Clemson students demand university ‘prosecute defamatory speech’ on campus, social media
A group of Clemson students are demanding that the university "prosecute defamatory speech" to help correct a "pattern of social injustice" at the school.
As part of an on-campus campaign known as See the Stripes, “underrepresented” groups have created a list of grievances and demands following a Clemson fraternity’s “ Crip-mas” themed party in December.
"[W]e want a public commitment from the Clemson University Administration to prosecute criminally predatory behaviors and defamatory speech committed by members of the Clemson University community (including, but not limited to, those facilitated by usage of social media)."
“[W]e want a public commitment from the Clemson University Administration to prosecute criminally predatory behaviors and defamatory speech committed by members of the Clemson University community (including, but not limited to, those facilitated by usage of social media),” the demand from the group states.
“The First Amendment unconditionally protects freedom of speech,” said William Turton, chairman of Clemson’s Young Americans for Freedom, told Campus Reform. “This fundamental American value is non-negotiable. All speech, even speech that is considered offensive and hateful, is protected. I may disagree with such speech, but it should not be silenced.”
See the Stripes is also calling on the university to rename buildings that are “offensively named.” Specifically, protesters point to Tillman Hall, named after Benjamin Ryan Tillman, who led the Red Shirts in South Carolina’s 1876 election. The Red Shirts sought to reduce the black vote in the state election.
“The main takeaway here is that I feel terrible if the minorities at Clemson feel undermined or disrespected in the shadow of Tillman as they cross campus every day, but it wasn’t named Tillman Hall because we’re proud he was racist,” Nick Jewell, a Clemson alumnus, told Campus Reform. “It was named Tillman Hall simply because he got there first and donated a ton of money to the advancement of kids’ futures here at Clemson. We don’t stand beside everything he believed in by any means. And because of that, the name Tillman means nothing more to the majority than bells, bowman, and cherished memories with friends.”
Jewell, who graduated in 2013 with a degree in psychology, said that as a “white, average male,” he couldn’t fully understand the plights of minorities at Clemson, but said that he hopes these discussions can be resolved without having to change the name of the building.
Earlier this week, Clemson’s Faculty Senate tabled a resolution that would rename the iconic building.

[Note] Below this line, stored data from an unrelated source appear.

Lemma Gamma_minus_lead j r l w : adm (repeat false j ++ true :: r) ->
  Gamma_minus (gap_shift allowed) l (repeat false j ++ true :: r) w <-> pred_set l j w.
Proof.
  intros Hadm.
  assert (Hcut : adm (w ++ repeat false j ++ true :: r) <-> adm (w ++ repeat false j ++ [true])).
  { split; intros H.
    - apply Badm_app_l with (v := r). now rewrite <- !app_assoc.
    - rewrite app_assoc. apply adm_glue; [now rewrite <- app_assoc|].
      exact (Badm_app_r _ _ _ _ Hadm). }
  unfold Gamma_minus, pred_set. rewrite Hcut, adm_app_gap.
  split; intros [Hb H]; [exact (conj Hb (proj2 H)) | exact (conj Hb (conj (proj1 Hb) H))].
Qed.

Lemma pred_set_parity l j j' w : allowed j = allowed j' -> (pred_set l j w <-> pred_set l j' w).
Proof.
  intros E. unfold pred_set.
  split; intros [Hb H]; split; auto; intros p t Hp; specialize (H p t Hp);
  rewrite allowed_add in *; congruence.
Qed.

Lemma pred_set_unit l j : pred_set (S l) j (repeat false l ++ [true]) <-> allowed j = true.
Proof.
  split.
  - intros [_ H]. exact (H (repeat false l) 0 eq_refl).
  - intros H. split; [split|].
    + apply (adm_single_one l 0).
    + rewrite length_app, repeat_length. simpl. lia.
    + intros p t Hp. apply last_one_unit in Hp. now subst.
Qed.

Lemma sim_lead l j r j' r' :
  adm (repeat false j ++ true :: r) -> adm (repeat false j' ++ true :: r') ->
  allowed j = allowed j' ->
  sim (gap_shift allowed) l (repeat false j ++ true :: r) (repeat false j' ++ true :: r').
Proof.
  intros H H' E w. rewrite (Gamma_minus_lead _ _ _ _ H), (Gamma_minus_lead _ _ _ _ H').
  now apply pred_set_parity.
Qed.

Lemma sim_lead_parity l j r j' r' :
  adm (repeat false j ++ true :: r) -> adm (repeat false j' ++ true :: r') ->
  sim (gap_shift allowed) (S l) (repeat false j ++ true :: r) (repeat false j' ++ true :: r') ->
  allowed j = allowed j'.
Proof.
  intros H H' Hs. specialize (Hs (repeat false l ++ [true])).
  rewrite (Gamma_minus_lead _ _ _ _ H), (Gamma_minus_lead _ _ _ _ H'), !pred_set_unit in Hs.
  destruct (allowed j), (allowed j'); intuition.
Qed.

Lemma sync_lead l j r : adm (repeat false j ++ true :: r) ->
  sync (gap_shift allowed) l (repeat false j ++ true :: r).
Proof.
  intros Hadm. split; [exact Hadm|]. intros omega Hom nu.
  unfold Gamma_plus in Hom. rewrite <- app_assoc in Hom |- *.
  now rewrite (Gamma_minus_lead _ _ _ _ Hadm), (Gamma_minus_lead _ _ _ _ Hom).
Qed.

(* Appending zeros to a block of zeros changes which words may precede it. *)
Lemma not_sync_zeros l k : ~ sync (gap_shift allowed) (S l) (repeat false k).
Proof.
  intros [_ Hs].
  set (e := if allowed k then 1 else 0).
  assert (He : allowed (k + e) = false).
  { unfold e. destruct (allowed k) eqn:E.
    - now rewrite Nat.add_1_r, allowed_S, E.
    - now rewrite Nat.add_0_r. }
  assert (Hom : Gamma_plus (gap_shift allowed) (repeat false k) (repeat false e ++ [true])).
  { unfold Gamma_plus. rewrite app_assoc, <- repeat_app. apply (adm_single_one _ 0). }
  assert (Hl : Gamma_minus (gap_shift allowed) (S l) (repeat false k) (repeat false l ++ [true])).
  { split; [split|].
    - apply (adm_single_one l 0).
    - rewrite length_app, repeat_length. simpl. lia.
    - rewrite <- app_assoc. apply adm_single_one. }
  apply (Hs _ Hom) in Hl as [_ Hl].
  rewrite (app_assoc (repeat false k)), <- repeat_app in Hl. apply adm_app_gap in Hl as [_ Hl].
  specialize (Hl (repeat false l) 0 eq_refl). simpl in Hl. congruence.
Qed.

Lemma sync_lead_form l nu : sync (gap_shift allowed) (S l) nu ->
  exists j r, nu = repeat false j ++ true :: r /\ adm (repeat false j ++ true :: r).
Proof.
  intros Hs. destruct (in_dec bool_dec true nu) as [Hi|Hi].
  - destruct (first_one_split nu Hi) as [j [r ->]]. exists j, r. split; [reflexivity | apply Hs].
  - rewrite (no_one_zeros nu Hi) in Hs. destruct (not_sync_zeros _ _ Hs).
Qed.

(** * The minimal presentation *)

(* The vertex labelled b is the class of 0^j 1 for the j in {0,1} with allowed j = b. *)
Definition lead (b : bool) : nat := if Bool.eqb b (allowed 0) then 0 else 1.

Lemma allowed_lead b : allowed (lead b) = b.
Proof.
  unfold lead. destruct (allowed 0) eqn:E, b; simpl; rewrite ?allowed_S, ?E; reflexivity.
Qed.

Definition rep (b : bool) : list bool := repeat false (lead b) ++ [true].

Definition vtx (b : bool) (l : nat) : word bool -> Prop := cls (gap_shift allowed) l (rep b).

Lemma sync_rep l b : sync (gap_shift allowed) l (rep b).
Proof. apply sync_lead, (adm_single_one _ 0). Qed.

Lemma vtx_inj l b b' : vtx b (S l) = vtx b' (S l) -> b = b'.
Proof.
  intros H. apply cls_sim in H; [|apply sync_rep].
  apply sim_lead_parity in H; try apply (adm_single_one _ 0).
  now rewrite !allowed_lead in H.
Qed.

Lemma cls_lead l j r : adm (repeat false j ++ true :: r) ->
  cls (gap_shift allowed) l (repeat false j ++ true :: r) = vtx (allowed j) l.
Proof.
  intros H. apply cls_eq, sim_lead; [exact H | apply (adm_single_one _ 0) |].
  now rewrite allowed_lead.
Qed.

Lemma Omega_vtx b : Omega (gap_shift allowed) (vtx b).
Proof.
  split; intros l; exists (rep b); (split; [apply sync_rep | auto]).
Qed.

Lemma Omega_vtx_inv u : Omega (gap_shift allowed) u -> exists b, u = vtx b.
Proof.
  intros [_ Hu].
  assert (Hlev : forall l, exists b, u l = vtx b l /\ u (S l) = vtx b (S l)).
  { intros l. destruct (Hu l) as [nu [Hs [E1 E2]]].
    destruct (sync_lead_form _ _ Hs) as [j [r [-> Hadm]]]. exists (allowed j).
    now rewrite E1, E2, !cls_lead. }
  destruct (Hlev 0) as [b [E0 E1]]. exists b.
  assert (HS : forall l, u (S l) = vtx b (S l)).
  { induction l as [|l IH]; [exact E1|]. destruct (Hlev (S l)) as [b' [F1 F2]].
    rewrite IH in F1. apply vtx_inj in F1. now subst. }
  apply functional_extensionality. intros [|l]; [exact E0 | apply HS].
Qed.

Definition step (b : bool) (ab : bool * bool) : Prop :=
  if fst ab then b = allowed 0 /\ snd ab = true else b = negb (snd ab).

Lemma edge_vtx l b a b' : step b (a, b') -> edge (gap_shift allowed) l (vtx b l) a (vtx b' (S l)).
Proof.
  intros Hst. exists (rep b'). split; [apply sync_rep|].
  unfold step in Hst. destruct a; simpl in Hst.
  - destruct Hst as [-> ->].
    assert (Hadm : adm (repeat false 0 ++ true :: rep true)).
    { apply adm_gap_word, allowed_lead. }
    repeat split; [exact Hadm | now rewrite (cls_lead _ _ _ Hadm)].
  - subst b. assert (Hadm : adm (repeat false (S (lead b')) ++ true :: [])).
    { apply (adm_single_one _ 0). }
    repeat split; [exact Hadm|]. now rewrite (cls_lead _ _ _ Hadm), allowed_S, allowed_lead.
Qed.

Lemma edge_vtx_inv b a b' :
  edge (gap_shift allowed) 1 (vtx b 1) a (vtx b' 2) -> step b (a, b').
Proof.
  intros [nu [Hs [Ha [Hv Hw]]]].
  destruct (sync_lead_form _ _ Hs) as [j [r [-> Hn]]].
  rewrite cls_lead in Hw by exact Hn. apply vtx_inj in Hw. subst b'.
  destruct a; simpl.
  - change (true :: repeat false j ++ true :: r)
      with (repeat false 0 ++ true :: (repeat false j ++ true :: r)) in Hv, Ha.
    rewrite cls_lead in Hv by exact Ha. apply vtx_inj in Hv. split; [exact Hv|].
    apply adm_gap_word, (Badm_app_l _ _ _ r). simpl in Ha |- *. now rewrite <- app_assoc.
  - change (false :: repeat false j ++ true :: r) with (repeat false (S j) ++ true :: r) in Hv, Ha.
    rewrite cls_lead in Hv by exact Ha. apply vtx_inj in Hv. now rewrite Hv, allowed_S.
Qed.

Lemma EL_vtx b a b' : EL (gap_shift allowed) (vtx b) a (vtx b') <-> step b (a, b').
Proof.
  split.
  - intros [_ [_ He]]. exact (edge_vtx_inv _ _ _ (He 1)).
  - intros Hst. repeat split; try apply Omega_vtx. intros l. now apply edge_vtx.
Qed.

(* A point of X_L is a symbol sequence together with the vertex labels, which are
   all of the form vtx b; [decode] reads b off the level-1 vertex. *)
Definition encode (p : nat -> bool * bool) : Lpoint bool := fun i => (fst (p i), vtx (snd (p i))).

Definition label (x : Lpoint bool) (i : nat) : bool :=
  if excluded_middle_informative (snd (x i) 1 = vtx true 1) then true else false.

Definition decode (x : Lpoint bool) (i : nat) : bool * bool := (fst (x i), label x i).

Definition valid (p : nat -> bool * bool) : Prop :=
  (exists b0, step b0 (p 0)) /\ forall i, step (snd (p i)) (p (S i)).

Lemma label_vtx b x i : snd (x i) = vtx b -> label x i = b.
Proof.
  intros H. unfold label. rewrite H.
  destruct excluded_middle_informative as [E|E]; destruct b; try reflexivity.
  - symmetry. exact (vtx_inj _ _ _ E).
  - destruct (E eq_refl).
Qed.

Lemma decode_encode p : decode (encode p) = p.
Proof.
  apply functional_extensionality. intros i. unfold decode.
  rewrite (label_vtx (snd (p i))) by reflexivity. simpl. symmetry. apply surjective_pairing.
Qed.

Lemma XL_decode x : XL (gap_shift allowed) x -> x = encode (decode x) /\ valid (decode x).
Proof.
  intros [u0 [H0 Hi]].
  assert (Hvtx : forall i, snd (x i) = vtx (label x i)).
  { intros i. destruct (Omega_vtx_inv _ (proj1 (Hi i))) as [b Hb].
    now rewrite (label_vtx _ _ _ Hb). }
  split; [|split].
  - apply functional_extensionality. intros i. unfold encode, decode. simpl.
    rewrite <- Hvtx. apply surjective_pairing.
  - destruct (Omega_vtx_inv _ (proj1 H0)) as [b0 E0]. exists b0.
    unfold decode. apply EL_vtx. now rewrite <- E0, <- Hvtx.
  - intros i. unfold decode. simpl. apply EL_vtx. now rewrite <- !Hvtx.
Qed.

Lemma XL_encode p : valid p -> XL (gap_shift allowed) (encode p).
Proof.
  intros [[b0 H0] Hi]. exists (vtx b0). split.
  - apply EL_vtx. simpl. now rewrite <- surjective_pairing.
  - intros i. apply EL_vtx. simpl. now rewrite <- surjective_pairing.
Qed.

Lemma valid_shift p : valid p -> valid (shift p).
Proof. intros [_ Hi]. split; [exists (snd (p 0)); apply Hi | intros i; apply Hi]. Qed.

Lemma valid_step_before p i : valid p -> exists b, step b (p i).
Proof. intros [[b0 H0] Hi]. destruct i as [|i]; [exists b0 | exists (snd (p i))]; auto. Qed.

Definition gap_free (x : nat -> bool) : Prop :=
  forall k m, allowed m = false ->
    ~ (x k = true /\ x (k + m + 1) = true /\ forall j, 1 <= j <= m -> x (k + j) = false).

Lemma XLam_gap_free x : XLam (gap_shift allowed) x <-> gap_free x.
Proof.
  split.
  - intros [y [Hy Hyx]] k m Hm [H1 [H2 H3]]. apply (Hy (Z.of_nat k) m Hm). split; [|split].
    + now rewrite Hyx.
    + replace (Z.of_nat k + Z.of_nat m + 1)%Z with (Z.of_nat (k + m + 1)) by lia.
      now rewrite Hyx.
    + intros j Hj. rewrite <- Nat2Z.inj_add, Hyx. auto.
  - intros Hx. exists (fun z => if (z <? 0)%Z then false else x (Z.to_nat z)). split.
    + intros k m Hm [H1 [H2 H3]].
      destruct (Z.ltb_spec k 0); [discriminate|].
      apply (Hx (Z.to_nat k) m Hm). split; [|split]; [exact H1 | |].
      * destruct (Z.ltb_spec (k + Z.of_nat m + 1) 0); [lia|].
        rewrite <- H2. f_equal. lia.
      * intros j Hj. specialize (H3 j Hj). destruct (Z.ltb_spec (k + Z.of_nat j) 0); [lia|].
        rewrite <- H3. f_equal. lia.
    + intros n. destruct (Z.ltb_spec (Z.of_nat n) 0); [lia|]. now rewrite Nat2Z.id.
Qed.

Winthrop University, a sister school to Clemson, is also under pressure to rename its Tillman Hall, the main building on the Rock Hill, S.C., campus.
However, the See the Stripes also demands that Clemson increase funding for organizations that represent minorities and construct a multi-cultural center as a “safe space” for underrepresented groups. Additional demands include incentivized diversity training for faculty and administrators and greater minority representation in the faculty and administration.
For its part, Clemson officials say they are taking the students’ complaints seriously and plan to respond to the list of grievances before the next meeting of the school’s trustees.
The See the Stripes campaign’s mission contends that the school’s mascot—a tiger—and the athletic program’s slogan—Solid Orange—fail to properly encompass the history of minorities at the school.
See the Stripes did not respond to a request for comment from Campus Reform for this article.